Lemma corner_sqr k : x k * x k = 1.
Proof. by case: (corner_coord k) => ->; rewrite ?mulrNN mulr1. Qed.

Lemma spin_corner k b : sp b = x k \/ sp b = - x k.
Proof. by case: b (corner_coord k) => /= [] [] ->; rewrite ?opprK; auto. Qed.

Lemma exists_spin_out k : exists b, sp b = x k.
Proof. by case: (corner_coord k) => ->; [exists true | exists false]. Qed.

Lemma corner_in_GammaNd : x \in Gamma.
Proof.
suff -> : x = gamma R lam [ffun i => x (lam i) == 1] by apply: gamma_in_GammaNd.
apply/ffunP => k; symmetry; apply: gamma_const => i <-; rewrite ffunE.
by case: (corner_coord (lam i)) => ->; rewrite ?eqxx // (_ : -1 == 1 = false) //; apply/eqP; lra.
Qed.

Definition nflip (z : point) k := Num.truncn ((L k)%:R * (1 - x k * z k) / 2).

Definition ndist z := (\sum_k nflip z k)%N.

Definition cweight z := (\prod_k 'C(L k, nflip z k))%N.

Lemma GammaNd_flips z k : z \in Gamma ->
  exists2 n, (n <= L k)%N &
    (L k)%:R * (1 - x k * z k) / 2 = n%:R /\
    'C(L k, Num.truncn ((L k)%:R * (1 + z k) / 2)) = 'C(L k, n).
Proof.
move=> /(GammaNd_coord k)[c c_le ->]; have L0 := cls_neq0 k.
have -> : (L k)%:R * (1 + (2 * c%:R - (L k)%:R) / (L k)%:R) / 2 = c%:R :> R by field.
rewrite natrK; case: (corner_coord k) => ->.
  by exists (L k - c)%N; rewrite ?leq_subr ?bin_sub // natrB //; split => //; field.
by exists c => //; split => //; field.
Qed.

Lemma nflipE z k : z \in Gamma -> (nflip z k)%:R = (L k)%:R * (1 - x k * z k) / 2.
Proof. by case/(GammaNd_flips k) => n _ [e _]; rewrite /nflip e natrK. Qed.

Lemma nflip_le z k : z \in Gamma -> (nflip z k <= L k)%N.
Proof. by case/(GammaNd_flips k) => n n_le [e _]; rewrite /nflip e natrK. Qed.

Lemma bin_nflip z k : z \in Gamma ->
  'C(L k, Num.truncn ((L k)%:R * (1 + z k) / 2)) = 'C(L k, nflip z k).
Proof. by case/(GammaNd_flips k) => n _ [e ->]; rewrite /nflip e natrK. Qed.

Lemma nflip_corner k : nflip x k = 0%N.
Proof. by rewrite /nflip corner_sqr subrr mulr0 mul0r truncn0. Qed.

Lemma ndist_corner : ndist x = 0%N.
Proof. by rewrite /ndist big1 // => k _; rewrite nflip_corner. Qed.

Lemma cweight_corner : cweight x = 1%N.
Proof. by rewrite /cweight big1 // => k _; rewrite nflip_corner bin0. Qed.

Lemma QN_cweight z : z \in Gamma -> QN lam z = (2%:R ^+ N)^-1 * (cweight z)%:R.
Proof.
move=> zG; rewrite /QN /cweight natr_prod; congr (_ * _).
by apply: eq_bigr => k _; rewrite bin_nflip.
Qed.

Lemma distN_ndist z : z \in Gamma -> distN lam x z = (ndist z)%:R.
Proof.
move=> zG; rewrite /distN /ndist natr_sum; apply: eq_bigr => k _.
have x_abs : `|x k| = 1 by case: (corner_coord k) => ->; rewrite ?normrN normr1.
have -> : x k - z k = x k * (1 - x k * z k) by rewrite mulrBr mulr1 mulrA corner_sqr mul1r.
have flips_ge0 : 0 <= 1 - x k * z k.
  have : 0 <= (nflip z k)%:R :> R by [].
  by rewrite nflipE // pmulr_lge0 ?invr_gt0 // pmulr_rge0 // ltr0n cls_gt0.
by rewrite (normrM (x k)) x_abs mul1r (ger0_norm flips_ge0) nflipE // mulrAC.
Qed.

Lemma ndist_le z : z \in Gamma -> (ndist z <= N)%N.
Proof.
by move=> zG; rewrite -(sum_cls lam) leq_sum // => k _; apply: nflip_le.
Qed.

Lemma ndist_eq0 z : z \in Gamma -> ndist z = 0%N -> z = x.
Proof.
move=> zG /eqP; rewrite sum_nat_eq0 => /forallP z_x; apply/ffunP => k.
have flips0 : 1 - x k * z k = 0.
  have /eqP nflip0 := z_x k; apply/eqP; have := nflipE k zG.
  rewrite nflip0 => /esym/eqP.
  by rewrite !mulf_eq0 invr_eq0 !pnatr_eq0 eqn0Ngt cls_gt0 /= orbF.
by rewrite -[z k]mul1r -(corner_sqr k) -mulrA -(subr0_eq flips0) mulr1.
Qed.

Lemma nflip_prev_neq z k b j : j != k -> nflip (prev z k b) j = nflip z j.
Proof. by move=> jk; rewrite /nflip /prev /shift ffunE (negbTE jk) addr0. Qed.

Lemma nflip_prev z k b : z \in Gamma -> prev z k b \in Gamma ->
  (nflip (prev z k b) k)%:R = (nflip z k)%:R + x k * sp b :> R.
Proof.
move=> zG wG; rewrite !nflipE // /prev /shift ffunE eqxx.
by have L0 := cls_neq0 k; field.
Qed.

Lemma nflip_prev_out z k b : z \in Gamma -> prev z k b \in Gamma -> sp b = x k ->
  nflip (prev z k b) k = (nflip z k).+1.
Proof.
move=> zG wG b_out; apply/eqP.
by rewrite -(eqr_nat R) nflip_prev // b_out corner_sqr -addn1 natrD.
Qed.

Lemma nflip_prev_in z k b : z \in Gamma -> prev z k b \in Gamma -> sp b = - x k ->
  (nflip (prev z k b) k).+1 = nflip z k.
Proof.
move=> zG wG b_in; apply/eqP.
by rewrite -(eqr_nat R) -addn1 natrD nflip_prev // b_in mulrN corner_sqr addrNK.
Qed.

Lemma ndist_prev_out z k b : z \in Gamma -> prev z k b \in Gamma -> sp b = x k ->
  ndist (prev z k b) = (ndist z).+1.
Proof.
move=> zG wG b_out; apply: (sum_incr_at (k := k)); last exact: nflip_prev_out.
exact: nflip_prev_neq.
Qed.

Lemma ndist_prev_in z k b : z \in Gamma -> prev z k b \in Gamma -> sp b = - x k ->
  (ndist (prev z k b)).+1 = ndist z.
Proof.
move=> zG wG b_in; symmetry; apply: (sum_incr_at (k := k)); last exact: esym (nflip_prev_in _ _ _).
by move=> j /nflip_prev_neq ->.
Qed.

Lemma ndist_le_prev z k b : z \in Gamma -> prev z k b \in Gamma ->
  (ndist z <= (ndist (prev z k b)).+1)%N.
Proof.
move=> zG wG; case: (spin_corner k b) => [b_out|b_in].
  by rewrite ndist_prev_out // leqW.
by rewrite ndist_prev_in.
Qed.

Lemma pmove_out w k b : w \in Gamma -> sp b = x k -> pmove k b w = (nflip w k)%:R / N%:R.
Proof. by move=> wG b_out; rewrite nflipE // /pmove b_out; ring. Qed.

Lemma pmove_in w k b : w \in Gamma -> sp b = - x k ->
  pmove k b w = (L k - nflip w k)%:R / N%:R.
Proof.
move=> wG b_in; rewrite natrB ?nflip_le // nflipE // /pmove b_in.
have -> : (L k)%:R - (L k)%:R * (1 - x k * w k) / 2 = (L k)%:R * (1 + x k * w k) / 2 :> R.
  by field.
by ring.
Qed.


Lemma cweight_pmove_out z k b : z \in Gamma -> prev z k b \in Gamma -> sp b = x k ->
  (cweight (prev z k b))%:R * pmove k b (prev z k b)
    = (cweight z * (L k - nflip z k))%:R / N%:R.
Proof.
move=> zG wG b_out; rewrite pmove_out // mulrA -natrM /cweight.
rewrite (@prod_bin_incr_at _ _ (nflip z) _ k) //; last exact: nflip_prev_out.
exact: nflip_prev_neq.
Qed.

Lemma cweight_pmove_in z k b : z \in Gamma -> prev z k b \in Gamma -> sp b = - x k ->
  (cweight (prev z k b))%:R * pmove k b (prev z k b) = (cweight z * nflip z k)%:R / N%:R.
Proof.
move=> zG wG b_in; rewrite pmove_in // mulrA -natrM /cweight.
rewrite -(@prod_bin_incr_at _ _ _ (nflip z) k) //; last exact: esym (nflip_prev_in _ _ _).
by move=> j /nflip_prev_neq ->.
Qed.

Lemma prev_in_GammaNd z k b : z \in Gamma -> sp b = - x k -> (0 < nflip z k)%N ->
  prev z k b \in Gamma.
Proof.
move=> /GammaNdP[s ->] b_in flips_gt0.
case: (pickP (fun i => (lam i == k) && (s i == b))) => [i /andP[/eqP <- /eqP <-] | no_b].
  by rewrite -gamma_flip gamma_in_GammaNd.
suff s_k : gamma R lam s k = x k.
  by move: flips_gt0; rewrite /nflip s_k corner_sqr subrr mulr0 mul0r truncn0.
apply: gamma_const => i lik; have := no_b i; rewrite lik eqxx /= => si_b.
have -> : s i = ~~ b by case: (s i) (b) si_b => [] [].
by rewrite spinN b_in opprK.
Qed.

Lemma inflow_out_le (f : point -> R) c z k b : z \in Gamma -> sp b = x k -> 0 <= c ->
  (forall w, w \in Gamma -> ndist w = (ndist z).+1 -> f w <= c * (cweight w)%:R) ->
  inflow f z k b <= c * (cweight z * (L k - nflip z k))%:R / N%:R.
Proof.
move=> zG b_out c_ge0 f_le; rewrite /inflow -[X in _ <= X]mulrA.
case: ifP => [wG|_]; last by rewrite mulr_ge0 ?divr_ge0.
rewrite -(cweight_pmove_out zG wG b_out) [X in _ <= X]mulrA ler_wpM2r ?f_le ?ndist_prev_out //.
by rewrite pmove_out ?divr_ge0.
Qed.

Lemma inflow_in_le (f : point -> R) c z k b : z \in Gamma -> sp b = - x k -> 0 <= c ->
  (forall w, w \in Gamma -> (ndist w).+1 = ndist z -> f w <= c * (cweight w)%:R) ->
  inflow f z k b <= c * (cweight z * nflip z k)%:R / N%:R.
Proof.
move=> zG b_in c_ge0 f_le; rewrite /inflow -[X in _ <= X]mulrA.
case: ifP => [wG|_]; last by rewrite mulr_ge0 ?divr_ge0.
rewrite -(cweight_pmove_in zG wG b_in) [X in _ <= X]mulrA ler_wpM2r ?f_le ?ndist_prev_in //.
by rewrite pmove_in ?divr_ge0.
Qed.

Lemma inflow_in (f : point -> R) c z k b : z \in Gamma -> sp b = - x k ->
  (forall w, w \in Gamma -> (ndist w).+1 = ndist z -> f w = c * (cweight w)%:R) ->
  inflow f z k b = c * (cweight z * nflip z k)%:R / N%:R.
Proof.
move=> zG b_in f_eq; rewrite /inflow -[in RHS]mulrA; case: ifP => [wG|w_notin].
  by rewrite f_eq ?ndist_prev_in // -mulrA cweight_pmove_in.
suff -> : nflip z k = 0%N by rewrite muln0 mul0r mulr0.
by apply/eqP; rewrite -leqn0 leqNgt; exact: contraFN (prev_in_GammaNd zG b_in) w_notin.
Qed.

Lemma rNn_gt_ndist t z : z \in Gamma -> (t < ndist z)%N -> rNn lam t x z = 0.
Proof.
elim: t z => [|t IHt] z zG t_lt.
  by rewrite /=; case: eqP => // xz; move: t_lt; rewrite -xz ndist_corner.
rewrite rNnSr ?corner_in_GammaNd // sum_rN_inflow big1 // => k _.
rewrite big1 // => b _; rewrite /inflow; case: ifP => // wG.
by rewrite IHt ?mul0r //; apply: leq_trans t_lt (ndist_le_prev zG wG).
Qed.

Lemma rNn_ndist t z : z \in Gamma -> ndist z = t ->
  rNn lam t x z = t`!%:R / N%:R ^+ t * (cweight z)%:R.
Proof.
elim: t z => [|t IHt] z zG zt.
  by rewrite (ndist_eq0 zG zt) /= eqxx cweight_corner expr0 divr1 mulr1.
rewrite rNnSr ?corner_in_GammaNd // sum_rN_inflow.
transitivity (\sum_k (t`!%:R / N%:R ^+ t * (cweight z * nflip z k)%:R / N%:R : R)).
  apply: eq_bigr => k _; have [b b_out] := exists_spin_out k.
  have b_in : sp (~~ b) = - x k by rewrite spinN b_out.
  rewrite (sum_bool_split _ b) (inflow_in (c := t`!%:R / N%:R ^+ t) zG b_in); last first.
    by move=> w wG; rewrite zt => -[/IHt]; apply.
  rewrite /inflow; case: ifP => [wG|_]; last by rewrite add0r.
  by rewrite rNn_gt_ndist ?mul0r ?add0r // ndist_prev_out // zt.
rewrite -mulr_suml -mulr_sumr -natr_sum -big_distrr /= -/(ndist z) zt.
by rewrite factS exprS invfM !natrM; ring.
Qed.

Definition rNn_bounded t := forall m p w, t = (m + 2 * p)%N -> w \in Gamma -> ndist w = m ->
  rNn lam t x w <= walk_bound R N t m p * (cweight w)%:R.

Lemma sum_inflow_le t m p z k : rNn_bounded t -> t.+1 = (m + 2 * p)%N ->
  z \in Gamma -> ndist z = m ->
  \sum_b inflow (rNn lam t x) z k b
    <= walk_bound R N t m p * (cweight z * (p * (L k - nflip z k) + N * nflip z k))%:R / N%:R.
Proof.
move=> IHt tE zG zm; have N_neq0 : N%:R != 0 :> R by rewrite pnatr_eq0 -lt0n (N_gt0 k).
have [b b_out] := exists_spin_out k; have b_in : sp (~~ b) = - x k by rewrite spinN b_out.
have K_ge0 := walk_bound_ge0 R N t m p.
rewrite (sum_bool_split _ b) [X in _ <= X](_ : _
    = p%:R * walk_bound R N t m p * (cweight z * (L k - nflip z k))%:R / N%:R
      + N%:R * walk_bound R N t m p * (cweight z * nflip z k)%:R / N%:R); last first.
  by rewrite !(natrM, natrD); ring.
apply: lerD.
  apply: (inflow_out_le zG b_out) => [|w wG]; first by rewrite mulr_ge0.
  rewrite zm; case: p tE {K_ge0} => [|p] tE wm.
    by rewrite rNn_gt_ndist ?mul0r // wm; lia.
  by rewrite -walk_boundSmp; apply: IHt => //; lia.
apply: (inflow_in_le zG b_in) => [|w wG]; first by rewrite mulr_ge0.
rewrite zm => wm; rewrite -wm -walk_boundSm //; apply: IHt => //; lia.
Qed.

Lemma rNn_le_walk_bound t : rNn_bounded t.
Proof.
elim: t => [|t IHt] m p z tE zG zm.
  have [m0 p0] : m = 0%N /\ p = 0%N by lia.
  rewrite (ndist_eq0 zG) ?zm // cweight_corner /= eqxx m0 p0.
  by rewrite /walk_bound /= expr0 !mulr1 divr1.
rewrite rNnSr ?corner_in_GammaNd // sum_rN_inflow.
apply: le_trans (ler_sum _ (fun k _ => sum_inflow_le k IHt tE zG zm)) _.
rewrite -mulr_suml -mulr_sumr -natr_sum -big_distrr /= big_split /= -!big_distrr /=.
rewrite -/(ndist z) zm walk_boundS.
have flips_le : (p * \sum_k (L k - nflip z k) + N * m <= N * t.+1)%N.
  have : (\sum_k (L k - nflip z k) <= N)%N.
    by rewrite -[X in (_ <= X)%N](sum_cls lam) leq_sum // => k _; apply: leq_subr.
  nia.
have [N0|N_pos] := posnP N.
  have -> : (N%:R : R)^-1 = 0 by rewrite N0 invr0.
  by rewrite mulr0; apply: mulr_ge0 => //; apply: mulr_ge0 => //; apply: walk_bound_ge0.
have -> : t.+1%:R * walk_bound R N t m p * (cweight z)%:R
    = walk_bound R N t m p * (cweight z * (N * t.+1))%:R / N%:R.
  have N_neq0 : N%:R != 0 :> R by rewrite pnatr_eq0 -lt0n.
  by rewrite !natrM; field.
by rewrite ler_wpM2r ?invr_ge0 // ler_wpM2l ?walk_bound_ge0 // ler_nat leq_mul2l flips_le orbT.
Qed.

++++++

- WORK TO COMPLETE
The expected answer is one number: how many lines above contain "symmetry".

- YOUR RESPONSE
2